Histoire courte.

J’ai allumé le four et y ai glissé les pommes de terre sous leur couche de fromage, machinalement, sans regarder ce que j’y mettais. Je n’avais que faire du plat qui allait cuire, à vrai dire je ne pensais à rien d’autre que ce que tu venais d’asséner à nos vies, ce coup qui faisait voler en éclat un quotidien que je chérissais depuis quelques années. Après ton retour.

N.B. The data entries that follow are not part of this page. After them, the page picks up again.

Lemma packing_bound (X : finType) (F : {set {set X}}) (U : {set X}) m k :
  (forall s, s \in F -> #|s| = m /\ s \subset U) ->
  (forall t s1 s2 : {set X}, #|t| = k -> s1 \in F -> s2 \in F ->
     t \subset s1 -> t \subset s2 -> s1 = s2) ->
  'C(m, k) * #|F| <= 'C(#|U|, k).
Proof.
move=> F_sub F_packing.
set P := [set ts : {set X} * {set X} | [&& ts.2 \in F, ts.1 \subset ts.2 & #|ts.1| == k]].
have cardP : #|P| = 'C(m, k) * #|F|.
  rewrite -sum1_card (partition_big snd (mem F)) => [|[t s]]; last by rewrite inE => /and3P[].
  rewrite mulnC -sum_nat_const; apply: eq_bigr => s sF; have [<- _] := F_sub s sF.
  have pair_inj : injective (fun t : {set X} => (t, s)) by move=> t1 t2 [].
  rewrite -cards_draws -(card_imset _ pair_inj) sum1_card; apply: eq_card => -[t s'].
  rewrite unfold_in /= !inE /=.
  apply/andP/imsetP => [[/and3P[_ ts' kt] /eqP es] | [t' + [-> ->]]].
    by subst s'; exists t; rewrite // inE ts' kt.
  by rewrite inE => /andP[-> ->]; rewrite !andbT.
have fst_inj : {in P &, injective fst}.
  move=> [t1 s1] [t2 s2]; rewrite !inE /= => /and3P[s1F ts1 /eqP kt] /and3P[s2F ts2 _] t12.
  by subst t2; rewrite (F_packing t1 s1 s2).
rewrite -cardP -(card_in_imset fst_inj) -cards_draws.
apply/subset_leq_card/subsetP=> y /imsetP[[t s] + ->]; rewrite !inE /= => /and3P[sF ts kt].
by rewrite kt andbT (subset_trans ts) //; have [_] := F_sub s sF.
Qed.

Lemma card_blocks (X : finType) (B : {set {set X}}) :
  partial_SQS B -> 4 * #|B| <= 'C(#|X|, 3).
Proof.
case=> B4 B_packing; rewrite -cardsT (_ : 4 = 'C(4, 3)) //.
apply: packing_bound => [s sB | t b1 b2 kt]; first by rewrite B4 ?subsetT.
exact: B_packing.
Qed.

Lemma card_blocks_through (X : finType) (B : {set {set X}}) (x : X) :
  partial_SQS B -> 3 * #|[set b in B | x \in b]| <= 'C(#|X|.-1, 2).
Proof.
case=> B4 B_packing; set Bx := [set b in B | x \in b].
have del_inj : {in Bx &, injective (fun b : {set X} => b :\ x)}.
  move=> b1 b2; rewrite !inE => /andP[_ xb1] /andP[_ xb2] /= eq_del.
  by rewrite -(setD1K xb1) -(setD1K xb2) eq_del.
rewrite -(card_in_imset del_inj) -(cardsC1 x) (_ : 3 = 'C(3, 2)) //.
apply: packing_bound => [s /imsetP[b] | t s1 s2 kt /imsetP[b1] + -> /imsetP[b2] + ->].
  rewrite inE => /andP[bB xb] ->; split; last by apply/subsetP=> y; rewrite !inE => /andP[].
  by have := B4 b bB; rewrite (cardsD1 x b) xb /=; lia.
rewrite !inE => /andP[b1B xb1] /andP[b2B xb2] tb1 tb2.
have xNt : x \notin t by apply/negP=> /(subsetP tb1); rewrite !inE eqxx.
have sub_block : forall b : {set X}, x \in b -> t \subset b :\ x -> x |: t \subset b.
  by move=> b xb tb; rewrite subUset sub1set xb (subset_trans tb) ?subD1set.
by rewrite (B_packing (x |: t) _ b1 b2) ?cardsU1 ?xNt ?kt ?sub_block.
Qed.

Lemma card_meets (D X : finType) (P : {set {set D}}) (Q : {set {set X}})
    (e : {set D} * {set X}) :
  #|[set e' in setX P Q | meets e e']| <=
  \sum_(p in e.1) #|[set S in P | p \in S]| * #|Q| +
  \sum_(x in e.2) #|P| * #|[set b in Q | x \in b]|.
Proof.
apply: leq_trans (_ : #|(\bigcup_(p in e.1) setX [set S in P | p \in S] Q) :|:
                        (\bigcup_(x in e.2) setX P [set b in Q | x \in b])| <= _).
  apply/subset_leq_card/subsetP=> -[S b]; rewrite !inE /meets /= => /andP[/andP[SP bQ]].
  by case/orP=> /pred0Pn[y /andP[/= ye yf]]; apply/orP; [left | right];
    apply/bigcupP; exists y; rewrite // !inE ?SP ?bQ ?yf.
apply: leq_trans (leq_card_setU _ _).1 _; apply: leq_add;
  apply: leq_trans (leq_card_bigcup _ _) _; apply: eq_leq; apply: eq_bigr => y _;
  exact: cardsX.
Qed.

Definition bad_events n (X : finType) l (B : {set {set X}}) : {set {set 'I_n.+1} * {set X}} :=
  setX (windowed_sets n l 4) B.

Lemma sparse_arith n c b w : 80 * c + 3 <= n -> 4 * b <= 'C(n, 3) ->
  3 * w <= 4 * (n * c) * 'C(n.-1, 2) -> 4 * (4 * (c * b) + w) <= 'C(n, 4).
Proof.
move=> n_large hb hw.
have diag := mul_bin_diag n 2; have left := mul_bin_left n 3.
have hb' := leq_mul (leqnn (4 * c)) hb.
have hn : 80 * c * 'C(n, 3) <= (n - 3) * 'C(n, 3) by rewrite leq_mul2r; lia.
nia.
Qed.

Lemma sparse_bad_events n (X : finType) l (B : {set {set X}}) (e : {set 'I_n.+1} * {set X}) :
  #|X| = n.+1 -> partial_SQS B -> 80 * 'C(l.*2.-1, 3) + 3 <= n.+1 ->
  #|e.1| = 4 -> #|e.2| = 4 ->
  4 * #|[set e' in bad_events n l B | meets e e']| <= 'C(n.+1, 4).
Proof.
move=> cardX sqs n_large cardS cardb.
set c := 'C(l.*2.-1, 3); set W := windowed_sets n l 4.
have first_sum : \sum_(p in e.1) #|[set S in W | p \in S]| * #|B| <= 4 * (c * #|B|).
  apply: leq_trans (_ : _ <= \sum_(p in e.1) c * #|B|) _; last by rewrite sum_nat_const cardS.
  by apply: leq_sum => p _; rewrite leq_mul2r card_windowed_mem orbT.
pose w := \sum_(x in e.2) #|W| * #|[set b in B | x \in b]|.
have second_sum : 3 * w <= 4 * (n.+1 * c) * 'C(n.+1.-1, 2).
  apply: leq_trans (_ : _ <= \sum_(x in e.2) n.+1 * c * 'C(n, 2)) _.
    rewrite big_distrr; apply: leq_sum => x _ /=; rewrite mulnCA leq_mul ?card_windowed //.
    by have := card_blocks_through x sqs; rewrite cardX.
  by rewrite sum_nat_const cardb mulnA.
apply: leq_trans (leq_mul (leqnn 4) (card_meets _ _ e)) _.
have blocks : 4 * #|B| <= 'C(n.+1, 3) by rewrite -cardX card_blocks.
apply: leq_trans (sparse_arith n_large blocks second_sum).
by rewrite leq_mul2l leq_add2r first_sum orbT.
Qed.

Lemma window_length_bound l n : 0 < l -> 10 ^ 9 * l ^ 3 <= 164 ^ 3 * n ->
  80 * 'C(l.*2.-1, 3) + 3 <= n /\ 5 <= n.
Proof.
move=> l_gt0 l_small; set m := l.*2.-1.
have binE : 'C(m, 3) * 6 = m * (m - 1) * (m - 2).
  by rewrite (bin_ffact m 3) !ffactnSr ffactn0 subn0 mul1n.
have m_le : m <= l.*2 by rewrite /m; lia.
have cube : m * (m - 1) * (m - 2) <= l.*2 * l.*2 * l.*2.
  by apply: leq_mul; [apply: leq_mul|]; lia.
have l3_gt0 : 0 < l ^ 3 by rewrite expn_gt0 l_gt0.
rewrite -!muln2 in cube; split; nia.
Qed.

Lemma cyc_window_image n (X : finType) (phi : 'I_n.+1 -> X) (i : 'I_n.+1) l :
  cyc_window phi i l = phi @: window n i l.
Proof.
apply/setP=> x; rewrite inE; apply/existsP/imsetP.
  case=> j /existsP[k /andP[kE /eqP <-]]; exists k => //.
  by rewrite mem_window; apply/existsP; exists j.
case=> k; rewrite mem_window => /existsP[j kE] ->.
by exists j; apply/existsP; exists k; rewrite kE eqxx.
Qed.

Lemma avoiding_bad_events_good n (X : finType) l (B : {set {set X}})
    (f : {ffun 'I_n.+1 -> X}) :
  partial_SQS B -> f \in avoiding (injections 'I_n.+1 X) hitting (bad_events n l B) ->
  cyclically_good B f l.
Proof.
case=> B4 _; rewrite !inE => /andP[/injectiveP f_inj /forall_inP f_avoids] i b bB.
rewrite cyc_window_image => b_sub.
set S := f @^-1: b.
have fSb : f @: S = b.
  apply/setP=> x; apply/imsetP/idP => [[k + ->] | xb]; first by rewrite inE.
  have /imsetP[k _ xE] := subsetP b_sub x xb.
  by exists k; rewrite // inE -xE.
have S_window : S \subset window n i l.
  by apply/subsetP=> k; rewrite inE => /(subsetP b_sub); rewrite mem_imset.
have cardS : #|S| = 4 by rewrite -(card_imset _ f_inj) fSb B4.
have bad : (S, b) \in bad_events n l B.
  by rewrite inE /= bB andbT inE cardS eqxx; apply/existsP; exists i.
by have := f_avoids _ bad; rewrite inE /= fSb eqxx.
Qed.

Lemma exists_injection_avoiding_bad_events n (X : finType) l (B : {set {set X}}) :
  #|X| = n.+1 -> partial_SQS B -> 80 * 'C(l.*2.-1, 3) + 3 <= n.+1 -> 4 < n.+1 ->
  exists f, f \in avoiding (injections 'I_n.+1 X) hitting (bad_events n l B).
Proof.
move=> cardX sqs n_large n_gt4; set EV := bad_events n l B.
have event_cards e : e \in EV -> #|e.1| = 4 /\ #|e.2| = 4.
  by case: e => S b; rewrite !inE /= => /andP[/andP[/eqP -> _] /(proj1 sqs)].
have lopsided e (M : {set {set 'I_n.+1} * {set X}}) : e \in EV -> M \subset EV ->
    (forall e', e' \in M -> ~~ meets e e') ->
    'C(n.+1, 4) * #|avoiding (injections _ _) hitting M :&: hitting e| <=
    #|avoiding (injections _ _) hitting M|.
  move=> /event_cards[card1 card2] _ indep.
  by have := switching (etrans card1 (esym card2)) indep; rewrite card1 cardX.
have sparse e : e \in EV -> 4 * #|[set e' in EV | meets e e']| <= 'C(n.+1, 4).
  by move=> /event_cards[card1 card2]; apply: sparse_bad_events.
have C_gt2 : 2 < 'C(n.+1, 4) by apply: leq_trans (leq_bin2l 4 n_gt4).
have inj_gt0 : 0 < #|injections 'I_n.+1 X|.
  by rewrite card_inj_ffuns card_ord cardX ffact_gt0.
exact/card_gt0P/(avoiding_gt0 lopsided sparse C_gt2 inj_gt0 (subxx EV)).
Qed.

Theorem corollary4 (X : finType) (n : nat) (B : {set {set X}}) :
  #|X| = n -> 4 <= n -> partial_SQS B ->
  forall l : nat, 0 < l -> 10 ^ 9 * l ^ 3 <= 164 ^ 3 * n ->
  exists phi : 'I_n -> X, bijective phi /\ cyclically_good B phi l.
Proof.
move=> cardX _ sqs l l_gt0 l_small.
have [n_large n_gt4] := window_length_bound l_gt0 l_small.
case: n cardX l_small n_large n_gt4 => [//|n] cardX _ n_large n_gt4.
have [f f_good] := exists_injection_avoiding_bad_events cardX sqs n_large n_gt4.
have f_inj : injective f by move: f_good; rewrite !inE => /andP[/injectiveP].
exists f; split; last exact: avoiding_bad_events_good.
by apply: inj_card_bij f_inj _; rewrite card_ord cardX.
Qed.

Sans me prévenir tu as décidé de couper le fil qui nous reliait encore à cette famille que nous avions fabriqué de toutes pièces, avec les uns. Avec les autres aussi. Sans me prévenir toujours tu as appelé Mariane, et lui a demandé de t’héberger ces jours de transition, elle a dit oui après quelques secondes d’hésitation. Je n’ai pas compris pourquoi elle ne m’avait rien confié, à moi. Nous étions amies et tu venais saccager ce que nous avions mis des mois à construire, pourtant elle ne m’avait rien dit. Les raisons de ton départ étaient encore obscures mais honnêtement je m’en foutais pas mal. Tu étais revenu après des années de silence et le visage de maman qui se décomposait au fil des mois.

Nous, on avait juste besoin de toi, de tes rires à table, de tes coups de gueule quand on parlait trop fort alors que tu regardais la télé ou quand tu cherchais une chemise et que tu désespérais de ne pas la trouver. Nous, on pensait que jamais tu ne serais capable de repartir. Depuis que tu étais rentré, il y a peut-être cinq ou six ans, nous avions changé entre temps, nous nous étions renforcés, soudés les uns aux autres, nous cinq. Six. La porte du four était brulante mais je n’avais pas senti la chaleur sur ma main. Zazie chantait à tue tête dans la chaine-hifi du salon et j’aurais eu envie qu’elle se taise, parce que mon cerveau bouillonnait. Trop. J’aimais la vie que nous menions depuis que tu étais revenu et personne ici ne comprenait pourquoi tu repartais, personne ici n’avait anticipé ce nouveau départ. Tu passais d’une ville à l’autre depuis des années, mais tu avais réussi à nous faire croire à nous, que tu savais ici te stabiliser et aimer ce que nous étions. Ne repars pas. Le gratin sera meilleur ici qu’ailleurs. C’est une promesse.